Data in this exercise START
Definition edge_at (p : list (hV G -> Prop)) : Hvert G k -> Prop :=
  fun v => exists a, last p (dE G) a /\ proj1_sig v = cls G k (p, a).

Lemma Hedge_edge_at (p : list (hV G -> Prop)) : valid_list G k p -> Hedge G k (edge_at p).
Proof. intro Hp. now exists p. Qed.

Lemma edge_at_mkv (p : list (hV G -> Prop)) (a : hV G) (Hpa : valid_play G k (p, a)) :
  edge_at p (mkv G k (p, a) Hpa).
Proof. exists a. split; [apply Hpa | reflexivity]. Qed.

Lemma edge_at_eq_mkv (p : list (hV G -> Prop)) (Hp : valid_list G k p) :
  edge_at p = fun v => exists a (Ha : last p (dE G) a), v = mkv G k (p, a) (conj Hp Ha).
Proof.
  apply pred_ext. intro v. split.
  - intros (a & Ha & Ev). exists a, Ha. now apply Hvert_ext.
  - intros (a & Ha & ->). apply edge_at_mkv.
Qed.

Lemma Hedge_atmost (S : Hvert G k -> Prop) : Hedge G k S -> atmost k S.
Proof.
  intros (p & Hp & ->). change (atmost k (edge_at p)). rewrite (edge_at_eq_mkv p Hp).
  apply atmost_dep_image. destruct Hp as [Hne Hp].
  apply Hp, last_In, Hne.
Qed.

Lemma Hk_finite_edges : finite_edges (Hk k G).
Proof. intros S HS. exact (atmost_finite k S (Hedge_atmost S HS)). Qed.

Lemma image_eps_edge_at (p : list (hV G -> Prop)) :
  valid_list G k p -> image (eps k G) (edge_at p) = last p (dE G).
Proof.
  intro Hp. apply pred_ext. intro y. split.
  - intros (v & (a & Ha & Ev) & <-). now rewrite (eps_cls v (p, a)).
  - intro Hy. exists (mkv G k (p, y) (conj Hp Hy)).
    split; [apply edge_at_mkv | apply eps_mkv].
Qed.

Lemma eps_is_hom : is_hom (Hk k G) G (eps k G).
Proof.
  intros S (p & Hp & ->). change (hE G (image (eps k G) (edge_at p))).
  rewrite image_eps_edge_at by exact Hp.
  destruct Hp as [Hne Hp]. apply Hp, last_In, Hne.
Qed.

End Classes.

Section Lift.
Variables (k : nat) (G G' : hgraph) (h : hV (Hk k G) -> hV G').

Definition lift_edge (q : list (hV G -> Prop)) : hV G' -> Prop :=
  fun y => exists b (Hb : valid_play G k (q, b)), y = h (mkv G k (q, b) Hb).

Lemma length_lift_list (p : list (hV G -> Prop)) : length (lift_list k G G' h p) = length p.
Proof. unfold lift_list. now rewrite length_map, length_seq. Qed.

Lemma nth_lift_list (p : list (hV G -> Prop)) (j : nat) :
  j < length p -> nth j (lift_list k G G' h p) (dE G') = lift_edge (firstn (S j) p).
Proof.
  intro Hj. unfold lift_list.
  erewrite nth_indep, (map_nth _ _ 0), seq_nth by (rewrite ?length_map, ?length_seq; lia).
  apply pred_ext. intro y. split.
  - intros (b & Hb & _ & E). now exists b, Hb.
  - intros (b & Hb & E). exists b, Hb. split; [|exact E].
    rewrite <- last_firstn by exact Hj. apply Hb.
Qed.

Lemma firstn_lift_list (p : list (hV G -> Prop)) (n : nat) :
  firstn n (lift_list k G G' h p) = lift_list k G G' h (firstn n p).
Proof.
  apply nth_ext with (dE G') (dE G').
  { now rewrite length_firstn, !length_lift_list, length_firstn. }
  intros i Hi. rewrite length_firstn, length_lift_list in Hi.
  rewrite nth_firstn, (proj2 (Nat.ltb_lt i n)) by lia.
  rewrite !nth_lift_list by (rewrite ?length_firstn; lia).
  rewrite firstn_firstn. do 2 f_equal. lia.
Qed.

Lemma last_lift_list (p : list (hV G -> Prop)) :
  p <> [] -> last (lift_list k G G' h p) (dE G') = lift_edge p.
Proof.
  intro Hne. assert (Hlen : length p <> 0) by (destruct p; simpl; congruence).
  rewrite last_nth, length_lift_list, nth_lift_list by lia.
  now replace (S (length p - 1)) with (length p) by lia; rewrite firstn_all.
Qed.

Lemma lift_edge_image (q : list (hV G -> Prop)) :
  valid_list G k q -> lift_edge q = image h (edge_at G k q).
Proof.
  intro Hq. rewrite (edge_at_eq_mkv G k q Hq). apply pred_ext. intro y. split.
  - intros (b & Hb & ->). exists (mkv G k (q, b) Hb). split; [|reflexivity].
    exists b, (proj2 Hb). f_equal. apply proof_irrelevance.
  - intros (v & (b & Hb & ->) & <-). now exists b, (conj Hq Hb).
Qed.

Lemma lift_edge_prefix (p : list (hV G -> Prop)) (a : hV G) (Hpa : valid_play G k (p, a))
  (j : nat) : j < length p -> (forall i, j <= i < length p -> nth i p (dE G) a) ->
  lift_edge (firstn (S j) p) (h (mkv G k (p, a) Hpa)).
Proof.
  intros Hj Ha.
  assert (Hb : valid_play G k (firstn (S j) p, a))
    by (apply valid_play_firstn; [apply Hpa | exact Hj | apply Ha; lia]).
  exists a, Hb. f_equal. now apply mkv_eq, feq_prefix.
Qed.

Hypothesis h_hom : is_hom (Hk k G) G' h.

Lemma valid_lift_list (p : list (hV G -> Prop)) :
  valid_list G k p -> valid_list G' k (lift_list k G G' h p).
Proof.
  intros Hp. split.
  - intro E. apply (f_equal (@length _)) in E. rewrite length_lift_list in E.
    destruct Hp as [Hne _]. destruct p; [contradiction | discriminate].
  - intros U HU. destruct (In_nth _ _ (dE G') HU) as (j & Hj & <-).
    rewrite length_lift_list in Hj. rewrite nth_lift_list by exact Hj.
    assert (Hq : valid_list G k (firstn (S j) p)) by now apply valid_list_firstn.
    rewrite lift_edge_image by exact Hq. split.
    + apply h_hom, Hedge_edge_at, Hq.
    + apply atmost_image, Hedge_atmost, Hedge_edge_at, Hq.
Qed.

Lemma valid_lift (x : play G) (Hx : valid_play G k x) :
  valid_play G' k (lift k G G' h x Hx).
Proof.
  destruct x as [p a]. split; [apply valid_lift_list, Hx|].
  unfold lift; cbn [fst snd]. rewrite last_lift_list by apply Hx.
  now exists a, Hx.
Qed.

Lemma lift_feq (x y : play G) (Hx : valid_play G k x) (Hy : valid_play G k y) :
  feq G x y -> feq G' (lift k G G' h x Hx) (lift k G G' h y Hy).
Proof.
  intro Hxy. assert (Eh : h (mkv G k x Hx) = h (mkv G k y Hy)) by (f_equal; now apply mkv_eq).
  apply feq_iff_feq_at in Hxy. destruct x as [p a], y as [q b].
  destruct Hxy as [m (<- & Hm & Hp & Hq & E & Ap & Aq)].
  apply feq_iff_feq_at. exists m. unfold lift, feq_at; cbv beta iota; cbn [fst snd].
  rewrite !length_lift_list, !firstn_lift_list, E.
  split; [exact Eh|]. repeat split; try lia.
  - intros j Hj. rewrite nth_lift_list by lia.
    apply lift_edge_prefix; [lia|]. intros i Hi. apply Ap. lia.
  - intros j Hj. rewrite nth_lift_list, Eh by lia.
    apply lift_edge_prefix; [lia|]. intros i Hi. apply Aq. lia.
Qed.

Lemma coext_exists : exists hs, coext_spec k G G' h hs.
Proof.
  exists (fun v => mkv G' k (lift k G G' h (vrepr k G v) (proj1 (vrepr_spec G k v)))
                    (valid_lift _ _)).
  intros x Hx. apply (cls_eq G' k), lift_feq.
  destruct (vrepr_spec G k (mkv G k x Hx)) as [Hr Er].
  apply (cls_inj G k); [exact Hx | symmetry; exact Er].
Qed.

Section Coextension.
Variables (hs : hV (Hk k G) -> hV (Hk k G')) (hs_spec : coext_spec k G G' h hs).

Lemma coext_mkv (x : play G) (Hx : valid_play G k x) :
  hs (mkv G k x Hx) = mkv G' k (lift k G G' h x Hx) (valid_lift x Hx).
Proof. apply Hvert_ext, hs_spec. Qed.

Lemma image_coext_edge_at (q : list (hV G -> Prop)) :
  valid_list G k q -> image hs (edge_at G k q) = edge_at G' k (lift_list k G G' h q).
Proof.
  intro Hq. rewrite (edge_at_eq_mkv G k q Hq). apply pred_ext. intro w. split.
  - intros (v & (a & Ha & ->) & <-). rewrite coext_mkv.
    apply (edge_at_mkv G' k _ _ (valid_lift (q, a) (conj Hq Ha))).
  - intros (b & Hb & Ew). rewrite last_lift_list in Hb by apply Hq.
    destruct Hb as (a & Ha & ->).
    exists (mkv G k (q, a) Ha). split.
    + exists a, (proj2 Ha). now apply Hvert_ext.
    + apply Hvert_ext. now rewrite hs_spec, Ew.
Qed.

Lemma coext_is_hom : is_hom (Hk k G) (Hk k G') hs.
Proof.
  intros S (q & Hq & ->). change (Hedge G' k (image hs (edge_at G k q))).
  rewrite image_coext_edge_at by exact Hq.
  apply Hedge_edge_at, valid_lift_list, Hq.
Qed.

End Coextension.
End Lift.

Lemma lift_list_eps (k : nat) (G : hgraph) (p : list (hV G -> Prop)) :
  valid_list G k p -> lift_list k G G (eps k G) p = p.
Proof.
  intro Hp. apply nth_ext with (dE G) (dE G); [apply length_lift_list|].
  intros j Hj. rewrite length_lift_list in Hj.
  rewrite nth_lift_list, lift_edge_image, image_eps_edge_at by
    (try apply valid_list_firstn; assumption).
  now apply last_firstn.
Qed.

Lemma coext_eps_id (k : nat) (G : hgraph) (es : hV (Hk k G) -> hV (Hk k G)) :
  coext_spec k G G (eps k G) es -> forall v, es v = v.
Proof.
  intros es_spec v. destruct (mkv_surj G k v) as ([p a] & Hx & ->).
  apply Hvert_ext. rewrite es_spec. unfold lift; cbn [fst].
  now rewrite lift_list_eps, eps_mkv by apply Hx.
Qed.

Lemma eps_coext (k : nat) (G G' : hgraph) (h : hV (Hk k G) -> hV G')
  (hs : hV (Hk k G) -> hV (Hk k G')) (h_hom : is_hom (Hk k G) G' h) :
  coext_spec k G G' h hs -> forall v, eps k G' (hs v) = h v.
Proof.
  intros hs_spec v. destruct (mkv_surj G k v) as (x & Hx & ->).
  now rewrite (coext_mkv k G G' h h_hom hs hs_spec), eps_mkv.
Qed.

Lemma lift_list_comp (k : nat) (G G' G'' : hgraph) (h : hV (Hk k G) -> hV G')
  (g : hV (Hk k G') -> hV G'') (hs : hV (Hk k G) -> hV (Hk k G'))
  (h_hom : is_hom (Hk k G) G' h) (hs_spec : coext_spec k G G' h hs)
  (p : list (hV G -> Prop)) : valid_list G k p ->
  lift_list k G G'' (fun v => g (hs v)) p = lift_list k G' G'' g (lift_list k G G' h p).
Proof.
  intro Hp. apply nth_ext with (dE G'') (dE G''); [now rewrite !length_lift_list|].
  intros j Hj. rewrite length_lift_list in Hj.
  assert (Hq : valid_list G k (firstn (S j) p)) by now apply valid_list_firstn.
  rewrite nth_lift_list, nth_lift_list, firstn_lift_list by
    (rewrite ?length_lift_list; exact Hj).
  rewrite !lift_edge_image by (try apply valid_lift_list; assumption).
  now rewrite image_comp, (image_coext_edge_at k G G' h h_hom hs hs_spec).
Qed.

Lemma coext_comp (k : nat) (G G' G'' : hgraph) (h : hV (Hk k G) -> hV G')
  (g : hV (Hk k G') -> hV G'') (hs : hV (Hk k G) -> hV (Hk k G'))
  (gs : hV (Hk k G') -> hV (Hk k G'')) (ghs : hV (Hk k G) -> hV (Hk k G''))
  (h_hom : is_hom (Hk k G) G' h) :
  coext_spec k G G' h hs -> coext_spec k G' G'' g gs ->
  coext_spec k G G'' (fun v => g (hs v)) ghs -> forall v, ghs v = gs (hs v).
Proof.
  intros hs_spec gs_spec ghs_spec v. destruct (mkv_surj G k v) as ([p a] & Hx & ->).
  apply Hvert_ext.
  rewrite ghs_spec, (coext_mkv k G G' h h_hom hs hs_spec), gs_spec.
  unfold lift; cbn [fst].
  rewrite (lift_list_comp k G G' G'' h g hs h_hom hs_spec) by apply Hx.
  now rewrite (coext_mkv k G G' h h_hom hs hs_spec).
Qed.

Theorem theorem6p2 (k : nat) (hk : 0 < k) :
  (* H_k(G) is an object of HGraph *)
  (forall G : hgraph, finite_edges G -> finite_edges (Hk k G)) /\
  (* the counit is a morphism *)
  (forall G : hgraph, finite_edges G -> is_hom (Hk k G) G (eps k G)) /\
  (* the coextension h^* is well defined and a morphism *)
  (forall (G G' : hgraph) (h : hV (Hk k G) -> hV G'),
      finite_edges G -> finite_edges G' -> is_hom (Hk k G) G' h ->
      exists hs : hV (Hk k G) -> hV (Hk k G'),
        coext_spec k G G' h hs /\ is_hom (Hk k G) (Hk k G') hs) /\
  (* law 1: eps^* = id *)
  (forall (G : hgraph) (es : hV (Hk k G) -> hV (Hk k G)),
      finite_edges G -> coext_spec k G G (eps k G) es -> forall v, es v = v) /\
  (* law 2: eps o h^* = h *)
  (forall (G G' : hgraph) (h : hV (Hk k G) -> hV G')
          (hs : hV (Hk k G) -> hV (Hk k G')),
      finite_edges G -> finite_edges G' -> is_hom (Hk k G) G' h ->
      coext_spec k G G' h hs -> forall v, eps k G' (hs v) = h v) /\
  (* law 3: (g o h^* )^* = g^* o h^* *)
  (forall (G G' G'' : hgraph) (h : hV (Hk k G) -> hV G')
          (g : hV (Hk k G') -> hV G'')
          (hs : hV (Hk k G) -> hV (Hk k G'))
          (gs : hV (Hk k G') -> hV (Hk k G''))
          (ghs : hV (Hk k G) -> hV (Hk k G'')),
      finite_edges G -> finite_edges G' -> finite_edges G'' ->
      is_hom (Hk k G) G' h -> is_hom (Hk k G') G'' g ->
      coext_spec k G G' h hs -> coext_spec k G' G'' g gs ->
      coext_spec k G G'' (fun v => g (hs v)) ghs ->
      forall v, ghs v = gs (hs v)).
Proof.
  repeat split.
  - intros G _. apply Hk_finite_edges.
  - intros G _. apply eps_is_hom.
  - intros G G' h _ _ h_hom.
    destruct (coext_exists k G G' h h_hom) as [hs hs_spec].
    exists hs. split; [exact hs_spec | exact (coext_is_hom k G G' h h_hom hs hs_spec)].
  - intros G es _. apply coext_eps_id.
  - intros G G' h hs _ _. apply eps_coext.
  - intros G G' G'' h g hs gs ghs _ _ _ h_hom _. now apply coext_comp.
Qed.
Data in this exercise END
Required action:
Your job is to copy out every line from the records above that has the word "Definition".

Response to this exercise:
Definition edge_at (p : list (hV G -> Prop)) : Hvert G k -> Prop :=
Definition lift_edge (q : list (hV G -> Prop)) : hV G' -> Prop :=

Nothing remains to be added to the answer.